=== Work item ===
Return every line from the records below that has the word "ltnW".

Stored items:
^^^^

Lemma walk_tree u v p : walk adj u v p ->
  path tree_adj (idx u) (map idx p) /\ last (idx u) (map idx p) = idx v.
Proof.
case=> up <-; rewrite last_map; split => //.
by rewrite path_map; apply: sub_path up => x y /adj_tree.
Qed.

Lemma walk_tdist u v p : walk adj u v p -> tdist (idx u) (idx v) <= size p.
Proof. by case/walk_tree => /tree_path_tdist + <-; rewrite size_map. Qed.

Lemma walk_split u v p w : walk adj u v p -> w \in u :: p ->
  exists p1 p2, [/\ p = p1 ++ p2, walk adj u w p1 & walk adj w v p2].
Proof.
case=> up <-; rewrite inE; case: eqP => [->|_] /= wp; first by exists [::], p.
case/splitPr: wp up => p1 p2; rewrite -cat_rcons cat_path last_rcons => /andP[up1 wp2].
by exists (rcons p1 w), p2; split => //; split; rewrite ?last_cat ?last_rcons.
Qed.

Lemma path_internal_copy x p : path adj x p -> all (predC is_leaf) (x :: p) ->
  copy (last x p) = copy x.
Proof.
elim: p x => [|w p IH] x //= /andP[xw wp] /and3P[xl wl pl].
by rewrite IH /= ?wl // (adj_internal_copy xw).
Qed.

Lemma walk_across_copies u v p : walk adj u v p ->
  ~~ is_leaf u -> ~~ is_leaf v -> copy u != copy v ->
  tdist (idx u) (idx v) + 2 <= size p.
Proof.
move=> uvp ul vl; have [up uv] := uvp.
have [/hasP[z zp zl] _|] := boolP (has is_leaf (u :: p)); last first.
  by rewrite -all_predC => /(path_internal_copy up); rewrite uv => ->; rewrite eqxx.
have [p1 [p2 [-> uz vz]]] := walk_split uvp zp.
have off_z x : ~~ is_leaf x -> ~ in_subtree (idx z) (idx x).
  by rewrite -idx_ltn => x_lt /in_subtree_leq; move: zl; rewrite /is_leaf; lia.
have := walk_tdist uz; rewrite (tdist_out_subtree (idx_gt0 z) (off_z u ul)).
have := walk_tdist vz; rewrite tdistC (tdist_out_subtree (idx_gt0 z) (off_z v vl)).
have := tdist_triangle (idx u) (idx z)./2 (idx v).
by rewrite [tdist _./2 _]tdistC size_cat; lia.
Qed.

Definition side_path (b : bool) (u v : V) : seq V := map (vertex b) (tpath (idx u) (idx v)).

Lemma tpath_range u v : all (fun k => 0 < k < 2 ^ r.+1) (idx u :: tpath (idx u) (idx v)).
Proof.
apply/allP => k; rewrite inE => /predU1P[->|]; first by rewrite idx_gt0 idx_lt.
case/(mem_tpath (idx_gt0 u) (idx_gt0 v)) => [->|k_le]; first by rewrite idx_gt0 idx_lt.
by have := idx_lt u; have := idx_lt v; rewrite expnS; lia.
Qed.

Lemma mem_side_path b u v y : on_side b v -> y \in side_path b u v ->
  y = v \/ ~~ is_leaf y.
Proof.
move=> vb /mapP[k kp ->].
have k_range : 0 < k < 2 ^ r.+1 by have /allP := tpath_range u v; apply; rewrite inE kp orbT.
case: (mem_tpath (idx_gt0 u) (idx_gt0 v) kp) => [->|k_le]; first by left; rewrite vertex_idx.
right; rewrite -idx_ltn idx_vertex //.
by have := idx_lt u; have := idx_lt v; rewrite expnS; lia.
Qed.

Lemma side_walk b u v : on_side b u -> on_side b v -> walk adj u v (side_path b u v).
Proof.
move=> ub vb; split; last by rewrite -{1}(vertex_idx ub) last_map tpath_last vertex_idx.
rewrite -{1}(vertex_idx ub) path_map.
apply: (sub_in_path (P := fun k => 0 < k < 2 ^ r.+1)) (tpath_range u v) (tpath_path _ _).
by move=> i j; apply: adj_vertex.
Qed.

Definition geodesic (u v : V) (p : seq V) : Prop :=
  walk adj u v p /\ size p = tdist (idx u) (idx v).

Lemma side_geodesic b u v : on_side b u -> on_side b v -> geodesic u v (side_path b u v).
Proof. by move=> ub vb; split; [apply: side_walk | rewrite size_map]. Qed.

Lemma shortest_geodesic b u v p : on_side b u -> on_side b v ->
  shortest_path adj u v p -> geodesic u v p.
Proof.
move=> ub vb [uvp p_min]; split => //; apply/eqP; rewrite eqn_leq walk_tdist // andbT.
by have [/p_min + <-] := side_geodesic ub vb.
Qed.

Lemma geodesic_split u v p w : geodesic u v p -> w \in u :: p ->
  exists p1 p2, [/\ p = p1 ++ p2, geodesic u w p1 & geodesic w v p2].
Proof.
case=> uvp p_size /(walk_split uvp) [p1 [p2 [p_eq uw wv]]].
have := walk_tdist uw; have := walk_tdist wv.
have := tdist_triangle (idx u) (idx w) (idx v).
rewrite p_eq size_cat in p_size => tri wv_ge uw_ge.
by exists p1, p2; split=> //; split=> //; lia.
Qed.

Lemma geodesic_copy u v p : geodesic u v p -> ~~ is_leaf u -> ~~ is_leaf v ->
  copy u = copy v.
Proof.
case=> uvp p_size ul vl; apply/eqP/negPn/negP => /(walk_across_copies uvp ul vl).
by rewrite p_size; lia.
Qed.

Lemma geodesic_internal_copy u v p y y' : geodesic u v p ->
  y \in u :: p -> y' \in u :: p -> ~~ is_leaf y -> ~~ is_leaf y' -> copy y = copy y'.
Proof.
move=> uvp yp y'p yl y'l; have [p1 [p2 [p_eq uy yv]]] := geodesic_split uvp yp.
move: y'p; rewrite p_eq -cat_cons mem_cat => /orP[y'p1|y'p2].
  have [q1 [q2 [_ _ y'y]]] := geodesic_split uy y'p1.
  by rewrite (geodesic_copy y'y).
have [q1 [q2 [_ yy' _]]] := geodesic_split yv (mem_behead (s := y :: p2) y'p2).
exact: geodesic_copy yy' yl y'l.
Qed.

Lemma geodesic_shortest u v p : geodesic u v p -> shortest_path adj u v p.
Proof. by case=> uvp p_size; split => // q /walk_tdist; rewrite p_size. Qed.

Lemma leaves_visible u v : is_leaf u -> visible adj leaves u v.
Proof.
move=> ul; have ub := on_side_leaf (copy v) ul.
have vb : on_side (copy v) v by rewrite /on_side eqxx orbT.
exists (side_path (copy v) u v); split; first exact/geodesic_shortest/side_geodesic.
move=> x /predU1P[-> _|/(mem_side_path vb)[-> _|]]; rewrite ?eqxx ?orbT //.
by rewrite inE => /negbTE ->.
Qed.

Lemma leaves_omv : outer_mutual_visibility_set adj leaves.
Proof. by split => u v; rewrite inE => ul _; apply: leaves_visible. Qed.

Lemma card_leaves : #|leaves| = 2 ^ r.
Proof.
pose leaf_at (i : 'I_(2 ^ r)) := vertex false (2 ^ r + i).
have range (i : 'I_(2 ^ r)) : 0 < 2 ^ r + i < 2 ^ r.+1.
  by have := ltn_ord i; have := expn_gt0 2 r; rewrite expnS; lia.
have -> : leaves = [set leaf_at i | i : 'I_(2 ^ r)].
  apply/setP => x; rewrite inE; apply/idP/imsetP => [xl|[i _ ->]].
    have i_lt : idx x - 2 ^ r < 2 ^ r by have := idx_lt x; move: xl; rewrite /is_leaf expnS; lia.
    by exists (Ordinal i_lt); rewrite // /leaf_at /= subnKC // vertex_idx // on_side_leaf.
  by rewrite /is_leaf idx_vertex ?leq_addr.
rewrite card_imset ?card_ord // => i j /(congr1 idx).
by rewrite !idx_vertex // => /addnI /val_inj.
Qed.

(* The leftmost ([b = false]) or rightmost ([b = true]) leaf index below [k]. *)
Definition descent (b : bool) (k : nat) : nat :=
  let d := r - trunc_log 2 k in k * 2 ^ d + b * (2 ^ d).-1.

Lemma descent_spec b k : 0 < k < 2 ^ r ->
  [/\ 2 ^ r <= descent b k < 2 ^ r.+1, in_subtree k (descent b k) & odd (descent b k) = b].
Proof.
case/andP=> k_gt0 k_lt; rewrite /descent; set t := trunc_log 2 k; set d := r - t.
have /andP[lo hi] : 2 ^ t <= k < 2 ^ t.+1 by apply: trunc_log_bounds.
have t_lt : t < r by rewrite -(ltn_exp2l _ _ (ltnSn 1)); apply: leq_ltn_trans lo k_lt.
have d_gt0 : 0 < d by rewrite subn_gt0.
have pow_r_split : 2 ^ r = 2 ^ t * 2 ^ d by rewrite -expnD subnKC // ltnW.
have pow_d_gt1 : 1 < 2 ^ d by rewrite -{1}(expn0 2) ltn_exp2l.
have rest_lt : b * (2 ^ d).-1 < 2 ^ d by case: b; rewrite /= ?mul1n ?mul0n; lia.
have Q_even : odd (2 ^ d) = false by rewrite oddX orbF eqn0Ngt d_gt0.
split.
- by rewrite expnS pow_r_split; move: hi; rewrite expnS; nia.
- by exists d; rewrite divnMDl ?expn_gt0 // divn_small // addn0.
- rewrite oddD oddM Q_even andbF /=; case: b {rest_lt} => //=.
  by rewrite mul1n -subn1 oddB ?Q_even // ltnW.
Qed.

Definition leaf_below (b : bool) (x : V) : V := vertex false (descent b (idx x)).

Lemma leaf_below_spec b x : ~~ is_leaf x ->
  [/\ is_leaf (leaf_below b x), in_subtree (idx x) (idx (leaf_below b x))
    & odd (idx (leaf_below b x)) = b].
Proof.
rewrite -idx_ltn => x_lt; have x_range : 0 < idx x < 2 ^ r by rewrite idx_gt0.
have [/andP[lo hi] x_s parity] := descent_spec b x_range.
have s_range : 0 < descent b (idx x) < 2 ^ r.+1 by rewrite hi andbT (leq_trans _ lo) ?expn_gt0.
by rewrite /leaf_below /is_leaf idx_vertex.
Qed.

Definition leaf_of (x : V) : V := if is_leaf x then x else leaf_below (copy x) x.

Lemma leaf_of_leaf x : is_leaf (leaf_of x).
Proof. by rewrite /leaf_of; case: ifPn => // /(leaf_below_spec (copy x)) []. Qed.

^^^^

=== Task result ===
have pow_r_split : 2 ^ r = 2 ^ t * 2 ^ d by rewrite -expnD subnKC // ltnW.
  by rewrite mul1n -subn1 oddB ?Q_even // ltnW.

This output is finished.